Santana insists that this project is not linked to renewal of the concession, but to improving the local environment, however he does believe that ownership of the port concession should be renewed “because this is a strategic industry for the Canary Islands.” In addition, he estimates that the cement plant remaining where it is would not exclude tourism activity. “This municipality is home to three economic sectors: agriculture and fishing, the cement industry, and tourism. We have lived in perfect harmony, we don’t think it’s time to remove one to replace with another. The three economic sectors must be harmonised” he says.

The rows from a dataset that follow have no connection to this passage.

Theorem mainTheorem9 (X : MetricSpace) :
  let P1 := cofinally_Bourbaki_quasi_complete X in
  let P2 := cofinally_Bourbaki_complete X /\
      forall (Y : MetricSpace) (f : X -> Y), CBC_regular f ->
        forall u : nat -> X, cofinally_Bourbaki_quasi_Cauchy u ->
          cofinally_Bourbaki_Cauchy (fun n => f (u n)) in
  let P3 := cofinally_Bourbaki_complete X /\
      forall f : X -> R_metric, CBC_regular f ->
        forall u : nat -> X, cofinally_Bourbaki_quasi_Cauchy u ->
          cofinally_Bourbaki_Cauchy (fun n => f (u n)) in
  let P4 := cofinally_Bourbaki_complete X /\
      forall u : nat -> X, cofinally_Bourbaki_quasi_Cauchy u ->
        cofinally_Bourbaki_Cauchy u in
  (P1 <-> P2) /\ (P1 <-> P3) /\ (P1 <-> P4).
Proof.
  intros P1 P2 P3 P4.
  pose proof (@cofinally_Bourbaki_quasi_complete_complete X) as Hcomplete.
  pose proof (@cofinally_Bourbaki_quasi_complete_Cauchy X) as HCauchy.
  assert (H12 : P1 -> P2).
  { intro H1. split; [now apply Hcomplete|]. intros Y f Hf u Hu. now apply Hf, (HCauchy H1). }
  assert (H23 : P2 -> P3) by (intros [Hc H2]; split; [exact Hc | exact (H2 R_metric)]).
  assert (H31 : P3 -> P1)
    by (intros [Hc H3]; exact (quasi_complete_of_real_CBC_regular X Hc H3)).
  assert (H14 : P1 -> P4) by (intro H1; split; [now apply Hcomplete | exact (HCauchy H1)]).
  assert (H41 : P4 -> P1) by (intros [Hc H4] u Hu; now apply Hc, H4).
  tauto.
Qed.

The entrepreneurs in the tourism sector, however, appear to have a more antagonistic vision. For Villalobos it would be an “unlawful” decision, if the Government of the Canary Islands renewed the concession to CEISA, that would harm the Cordial Hotels & Resorts group because they would not be able to make their investment profitable. “We do not want to file a lawsuit against the Government of the Canary Islands and we hope that this port will be used in the general interests of the Canary Islands, dedicating itself to recreational use,” says Villalobos, but, otherwise, “we would claim damages that the decision would cause us.”
For this recreational and leisure use, there are two proposals on the table: either a marina or a dock for cruise ships. Villalobos is in favour of the first option, similar to Puerto de Mogán, which “combines fishing boats with pleasure boats, being more authentic”. And he would prefer that tourists stay at Cordial Hotels & Resorts accommodation rather than on a cruise ship. But in any case, he believes that the decision must be agreed by several interested parties.
Fernando del Castillo has made clear that the proposal to create a port for cruise ships is from the CIT. “We have made a maximum proposal from the economic point of view to revalue that location. Today it is a port for large ships, since this infrastructure could also be used to accommodate cruise ships. That doesn’t mean it’s going to only have that use,” he explains.
The mayor of San Bartolomé de Tirajana has been able to study the proposals and, although she finds “the idea of creating a sports or cruise ship dock attractive”, at the same time she considers it “dangerous to eliminate industry and eliminate something that has been part of history”. From CEISA’s approach to improving the environment, Narváez claims that it is “ambitious” and “it’s time”, because after many years of operation, it’s time to update and modernise the environment”, as well as the aesthetics.
In any case, and whatever the Government of the Canary Islands decides, Narváez believes that “the conflict will not end” soon and “the problem will not be closed, because each group will continue to fight until a final judgment is handed down for their position”, since both perspectives “are legitimate.”